(Dataset entries)
_ _ _ _

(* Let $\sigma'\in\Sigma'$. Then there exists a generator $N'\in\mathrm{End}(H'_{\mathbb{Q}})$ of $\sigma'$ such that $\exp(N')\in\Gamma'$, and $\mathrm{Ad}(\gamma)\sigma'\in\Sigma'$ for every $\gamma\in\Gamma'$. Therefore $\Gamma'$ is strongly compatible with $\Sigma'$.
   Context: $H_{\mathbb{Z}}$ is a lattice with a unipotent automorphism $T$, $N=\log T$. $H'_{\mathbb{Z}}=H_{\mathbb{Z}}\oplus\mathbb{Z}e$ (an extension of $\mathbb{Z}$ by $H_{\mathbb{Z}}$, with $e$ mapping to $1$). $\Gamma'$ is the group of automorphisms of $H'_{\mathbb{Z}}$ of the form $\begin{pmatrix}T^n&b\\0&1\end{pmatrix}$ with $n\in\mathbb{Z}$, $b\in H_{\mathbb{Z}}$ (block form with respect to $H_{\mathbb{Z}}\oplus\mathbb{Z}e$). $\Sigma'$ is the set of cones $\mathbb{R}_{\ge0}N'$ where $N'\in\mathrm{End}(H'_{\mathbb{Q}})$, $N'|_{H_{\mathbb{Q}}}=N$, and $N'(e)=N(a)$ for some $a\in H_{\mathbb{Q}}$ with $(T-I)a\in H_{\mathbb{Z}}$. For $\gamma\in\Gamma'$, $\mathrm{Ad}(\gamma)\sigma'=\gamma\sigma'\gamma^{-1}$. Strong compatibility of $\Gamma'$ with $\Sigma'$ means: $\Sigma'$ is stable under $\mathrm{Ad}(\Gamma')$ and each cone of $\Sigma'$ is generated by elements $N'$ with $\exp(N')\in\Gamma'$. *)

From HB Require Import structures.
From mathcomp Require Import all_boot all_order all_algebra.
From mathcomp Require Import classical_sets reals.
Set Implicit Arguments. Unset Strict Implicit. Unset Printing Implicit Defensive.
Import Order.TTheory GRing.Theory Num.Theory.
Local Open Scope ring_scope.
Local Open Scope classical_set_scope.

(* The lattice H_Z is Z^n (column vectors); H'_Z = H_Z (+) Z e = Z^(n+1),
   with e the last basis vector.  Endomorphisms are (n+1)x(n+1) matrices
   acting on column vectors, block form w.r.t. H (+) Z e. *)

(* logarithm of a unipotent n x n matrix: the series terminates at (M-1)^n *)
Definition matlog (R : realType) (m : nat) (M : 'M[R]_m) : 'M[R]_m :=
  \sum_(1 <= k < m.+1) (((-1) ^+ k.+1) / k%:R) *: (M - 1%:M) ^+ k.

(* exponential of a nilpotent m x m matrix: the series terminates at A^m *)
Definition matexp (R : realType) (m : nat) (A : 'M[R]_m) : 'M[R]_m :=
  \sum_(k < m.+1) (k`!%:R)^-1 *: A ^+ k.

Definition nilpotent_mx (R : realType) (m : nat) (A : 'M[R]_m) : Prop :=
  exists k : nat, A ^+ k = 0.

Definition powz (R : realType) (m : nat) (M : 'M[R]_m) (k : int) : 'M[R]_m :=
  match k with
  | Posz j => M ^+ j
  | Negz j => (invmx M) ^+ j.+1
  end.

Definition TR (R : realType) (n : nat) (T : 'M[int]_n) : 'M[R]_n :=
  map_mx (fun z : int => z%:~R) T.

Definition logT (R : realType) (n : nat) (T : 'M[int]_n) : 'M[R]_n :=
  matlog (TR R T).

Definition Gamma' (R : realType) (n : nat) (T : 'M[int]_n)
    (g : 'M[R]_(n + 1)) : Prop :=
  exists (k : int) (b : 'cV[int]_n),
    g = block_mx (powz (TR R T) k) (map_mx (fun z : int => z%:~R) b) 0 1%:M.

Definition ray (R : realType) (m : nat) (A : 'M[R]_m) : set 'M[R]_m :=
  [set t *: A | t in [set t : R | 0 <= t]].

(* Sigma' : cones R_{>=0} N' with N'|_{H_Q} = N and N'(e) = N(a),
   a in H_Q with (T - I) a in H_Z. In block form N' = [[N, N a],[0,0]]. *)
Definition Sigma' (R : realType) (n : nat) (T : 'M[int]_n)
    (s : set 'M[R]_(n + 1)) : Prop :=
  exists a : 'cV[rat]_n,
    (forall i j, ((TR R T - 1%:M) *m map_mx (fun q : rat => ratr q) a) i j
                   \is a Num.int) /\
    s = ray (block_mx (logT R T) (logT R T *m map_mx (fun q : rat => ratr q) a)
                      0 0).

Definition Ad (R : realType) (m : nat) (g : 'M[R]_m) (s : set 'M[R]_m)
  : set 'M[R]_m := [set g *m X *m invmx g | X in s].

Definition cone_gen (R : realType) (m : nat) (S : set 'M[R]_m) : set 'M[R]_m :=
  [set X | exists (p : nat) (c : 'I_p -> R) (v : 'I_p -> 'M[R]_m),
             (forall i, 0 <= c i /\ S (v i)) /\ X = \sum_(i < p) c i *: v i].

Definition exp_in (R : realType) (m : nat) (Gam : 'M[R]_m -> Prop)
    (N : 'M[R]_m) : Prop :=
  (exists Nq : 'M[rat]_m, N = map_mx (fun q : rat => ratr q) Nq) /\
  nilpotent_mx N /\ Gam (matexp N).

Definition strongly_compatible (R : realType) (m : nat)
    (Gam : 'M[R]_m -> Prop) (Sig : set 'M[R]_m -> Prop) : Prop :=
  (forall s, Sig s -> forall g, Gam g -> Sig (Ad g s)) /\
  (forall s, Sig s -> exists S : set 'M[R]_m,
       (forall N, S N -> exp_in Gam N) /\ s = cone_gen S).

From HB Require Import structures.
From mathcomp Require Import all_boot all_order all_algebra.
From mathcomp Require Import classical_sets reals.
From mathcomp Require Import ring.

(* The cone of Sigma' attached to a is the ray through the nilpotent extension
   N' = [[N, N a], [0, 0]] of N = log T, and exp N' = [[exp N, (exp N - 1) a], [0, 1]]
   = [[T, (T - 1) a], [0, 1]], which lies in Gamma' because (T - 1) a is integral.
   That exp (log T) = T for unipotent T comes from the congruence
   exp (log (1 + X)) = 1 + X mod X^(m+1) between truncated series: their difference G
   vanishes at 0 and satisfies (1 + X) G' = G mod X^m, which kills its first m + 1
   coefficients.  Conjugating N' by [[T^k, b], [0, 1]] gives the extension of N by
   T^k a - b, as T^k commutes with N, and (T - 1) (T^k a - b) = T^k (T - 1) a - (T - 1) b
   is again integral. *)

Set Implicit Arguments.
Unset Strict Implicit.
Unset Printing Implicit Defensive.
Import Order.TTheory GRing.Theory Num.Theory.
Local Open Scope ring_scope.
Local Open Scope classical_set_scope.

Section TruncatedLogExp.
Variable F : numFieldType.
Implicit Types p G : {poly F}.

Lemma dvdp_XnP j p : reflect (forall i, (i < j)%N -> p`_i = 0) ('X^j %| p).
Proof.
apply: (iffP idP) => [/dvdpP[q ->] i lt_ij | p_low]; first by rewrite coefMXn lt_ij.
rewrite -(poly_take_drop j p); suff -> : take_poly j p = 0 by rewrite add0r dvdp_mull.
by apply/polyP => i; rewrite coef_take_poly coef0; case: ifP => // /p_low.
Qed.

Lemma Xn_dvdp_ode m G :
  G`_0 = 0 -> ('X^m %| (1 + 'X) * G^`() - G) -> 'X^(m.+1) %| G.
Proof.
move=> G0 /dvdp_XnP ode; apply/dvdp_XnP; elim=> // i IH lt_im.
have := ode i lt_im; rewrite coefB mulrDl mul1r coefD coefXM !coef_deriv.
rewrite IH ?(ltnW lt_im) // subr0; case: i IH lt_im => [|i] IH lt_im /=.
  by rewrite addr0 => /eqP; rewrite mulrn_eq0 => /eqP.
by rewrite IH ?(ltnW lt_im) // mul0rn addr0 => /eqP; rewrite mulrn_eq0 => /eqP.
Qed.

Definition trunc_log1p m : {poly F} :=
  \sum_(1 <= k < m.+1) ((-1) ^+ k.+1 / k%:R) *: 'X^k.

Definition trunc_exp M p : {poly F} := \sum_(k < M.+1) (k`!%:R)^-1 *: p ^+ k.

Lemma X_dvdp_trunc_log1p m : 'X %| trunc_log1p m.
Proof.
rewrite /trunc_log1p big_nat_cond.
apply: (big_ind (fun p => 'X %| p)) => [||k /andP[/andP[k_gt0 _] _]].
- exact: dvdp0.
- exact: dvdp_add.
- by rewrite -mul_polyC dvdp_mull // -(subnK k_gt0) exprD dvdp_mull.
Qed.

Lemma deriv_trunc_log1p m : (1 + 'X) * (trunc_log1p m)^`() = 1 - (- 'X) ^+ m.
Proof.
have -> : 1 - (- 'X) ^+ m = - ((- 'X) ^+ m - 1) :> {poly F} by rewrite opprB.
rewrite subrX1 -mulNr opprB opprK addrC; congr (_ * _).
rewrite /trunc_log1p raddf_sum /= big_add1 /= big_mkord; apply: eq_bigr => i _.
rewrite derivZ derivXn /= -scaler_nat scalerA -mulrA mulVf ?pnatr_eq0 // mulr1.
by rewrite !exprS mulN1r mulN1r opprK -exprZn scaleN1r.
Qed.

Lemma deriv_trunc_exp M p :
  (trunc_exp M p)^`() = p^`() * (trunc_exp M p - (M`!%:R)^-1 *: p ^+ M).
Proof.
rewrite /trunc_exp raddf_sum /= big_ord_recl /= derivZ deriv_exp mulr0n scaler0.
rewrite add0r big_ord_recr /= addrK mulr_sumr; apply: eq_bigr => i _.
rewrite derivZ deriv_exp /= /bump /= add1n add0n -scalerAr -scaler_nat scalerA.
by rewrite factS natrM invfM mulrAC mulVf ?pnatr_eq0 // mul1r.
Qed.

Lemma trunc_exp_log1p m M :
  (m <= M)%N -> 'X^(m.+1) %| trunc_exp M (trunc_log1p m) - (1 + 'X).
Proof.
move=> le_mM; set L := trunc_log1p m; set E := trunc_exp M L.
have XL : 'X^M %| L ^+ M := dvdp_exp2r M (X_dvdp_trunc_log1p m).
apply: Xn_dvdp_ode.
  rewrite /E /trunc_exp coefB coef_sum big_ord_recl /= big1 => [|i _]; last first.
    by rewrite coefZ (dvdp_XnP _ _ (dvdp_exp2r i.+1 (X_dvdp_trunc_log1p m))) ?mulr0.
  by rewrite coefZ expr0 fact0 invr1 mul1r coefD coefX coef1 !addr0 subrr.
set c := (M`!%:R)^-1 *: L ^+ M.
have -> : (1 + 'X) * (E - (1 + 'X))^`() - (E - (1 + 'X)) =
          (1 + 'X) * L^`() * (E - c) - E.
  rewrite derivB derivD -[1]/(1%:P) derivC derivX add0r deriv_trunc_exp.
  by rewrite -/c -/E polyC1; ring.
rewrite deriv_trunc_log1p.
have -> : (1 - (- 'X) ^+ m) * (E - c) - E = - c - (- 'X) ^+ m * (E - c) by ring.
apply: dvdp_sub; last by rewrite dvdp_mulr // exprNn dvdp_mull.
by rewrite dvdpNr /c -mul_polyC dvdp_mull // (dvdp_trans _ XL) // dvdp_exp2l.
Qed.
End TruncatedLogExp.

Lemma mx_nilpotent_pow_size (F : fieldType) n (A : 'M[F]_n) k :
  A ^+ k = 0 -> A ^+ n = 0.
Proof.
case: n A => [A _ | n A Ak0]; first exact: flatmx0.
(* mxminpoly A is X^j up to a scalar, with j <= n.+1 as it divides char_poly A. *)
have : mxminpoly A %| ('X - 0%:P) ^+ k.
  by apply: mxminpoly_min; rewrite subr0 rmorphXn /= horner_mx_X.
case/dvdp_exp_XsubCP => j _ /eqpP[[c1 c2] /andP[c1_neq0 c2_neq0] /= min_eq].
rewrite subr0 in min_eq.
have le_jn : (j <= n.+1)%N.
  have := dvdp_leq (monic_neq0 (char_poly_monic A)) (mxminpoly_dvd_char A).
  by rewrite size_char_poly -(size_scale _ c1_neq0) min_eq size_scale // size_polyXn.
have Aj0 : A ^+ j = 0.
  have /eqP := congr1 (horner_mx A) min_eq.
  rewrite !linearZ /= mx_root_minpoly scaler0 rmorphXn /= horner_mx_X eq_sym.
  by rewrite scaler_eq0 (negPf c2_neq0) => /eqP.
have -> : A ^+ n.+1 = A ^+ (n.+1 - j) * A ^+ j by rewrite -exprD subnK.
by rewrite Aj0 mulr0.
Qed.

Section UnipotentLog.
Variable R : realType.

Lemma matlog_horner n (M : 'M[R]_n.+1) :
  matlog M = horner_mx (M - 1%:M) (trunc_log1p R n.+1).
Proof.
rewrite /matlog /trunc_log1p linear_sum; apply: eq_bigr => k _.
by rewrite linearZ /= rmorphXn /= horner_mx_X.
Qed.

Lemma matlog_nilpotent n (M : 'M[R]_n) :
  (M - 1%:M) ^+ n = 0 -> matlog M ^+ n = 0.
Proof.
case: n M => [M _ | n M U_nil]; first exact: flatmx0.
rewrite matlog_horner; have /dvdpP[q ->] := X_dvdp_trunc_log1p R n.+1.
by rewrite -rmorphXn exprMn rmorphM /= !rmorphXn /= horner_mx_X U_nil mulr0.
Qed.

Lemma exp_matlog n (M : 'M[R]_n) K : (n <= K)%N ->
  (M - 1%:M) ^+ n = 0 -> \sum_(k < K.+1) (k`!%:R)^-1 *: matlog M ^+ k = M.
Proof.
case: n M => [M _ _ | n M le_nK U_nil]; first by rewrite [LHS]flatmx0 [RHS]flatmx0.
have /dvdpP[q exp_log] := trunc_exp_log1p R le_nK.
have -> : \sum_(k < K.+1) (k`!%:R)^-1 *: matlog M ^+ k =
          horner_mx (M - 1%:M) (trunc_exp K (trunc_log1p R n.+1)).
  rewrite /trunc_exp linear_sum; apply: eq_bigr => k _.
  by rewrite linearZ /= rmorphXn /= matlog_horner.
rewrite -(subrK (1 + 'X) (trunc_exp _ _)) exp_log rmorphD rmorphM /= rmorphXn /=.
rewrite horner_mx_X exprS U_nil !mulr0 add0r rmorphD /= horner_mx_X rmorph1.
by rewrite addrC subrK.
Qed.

_ _ _ _

* _WHAT NEEDS TO BE DONE_:
Set down, exactly as they appear above, all lines from the one that has "case: n A =>" down to the one that has "rewrite /matlog /trunc_log1p", including those two and no others.

* _TASK OUTPUT_:
case: n A => [A _ | n A Ak0]; first exact: flatmx0.
(* mxminpoly A is X^j up to a scalar, with j <= n.+1 as it divides char_poly A. *)
have : mxminpoly A %| ('X - 0%:P) ^+ k.
  by apply: mxminpoly_min; rewrite subr0 rmorphXn /= horner_mx_X.
case/dvdp_exp_XsubCP => j _ /eqpP[[c1 c2] /andP[c1_neq0 c2_neq0] /= min_eq].
rewrite subr0 in min_eq.
have le_jn : (j <= n.+1)%N.
  have := dvdp_leq (monic_neq0 (char_poly_monic A)) (mxminpoly_dvd_char A).
  by rewrite size_char_poly -(size_scale _ c1_neq0) min_eq size_scale // size_polyXn.
have Aj0 : A ^+ j = 0.
  have /eqP := congr1 (horner_mx A) min_eq.
  rewrite !linearZ /= mx_root_minpoly scaler0 rmorphXn /= horner_mx_X eq_sym.
  by rewrite scaler_eq0 (negPf c2_neq0) => /eqP.
have -> : A ^+ n.+1 = A ^+ (n.+1 - j) * A ^+ j by rewrite -exprD subnK.
by rewrite Aj0 mulr0.
Qed.

Section UnipotentLog.
Variable R : realType.

Lemma matlog_horner n (M : 'M[R]_n.+1) :
  matlog M = horner_mx (M - 1%:M) (trunc_log1p R n.+1).
Proof.
rewrite /matlog /trunc_log1p linear_sum; apply: eq_bigr => k _.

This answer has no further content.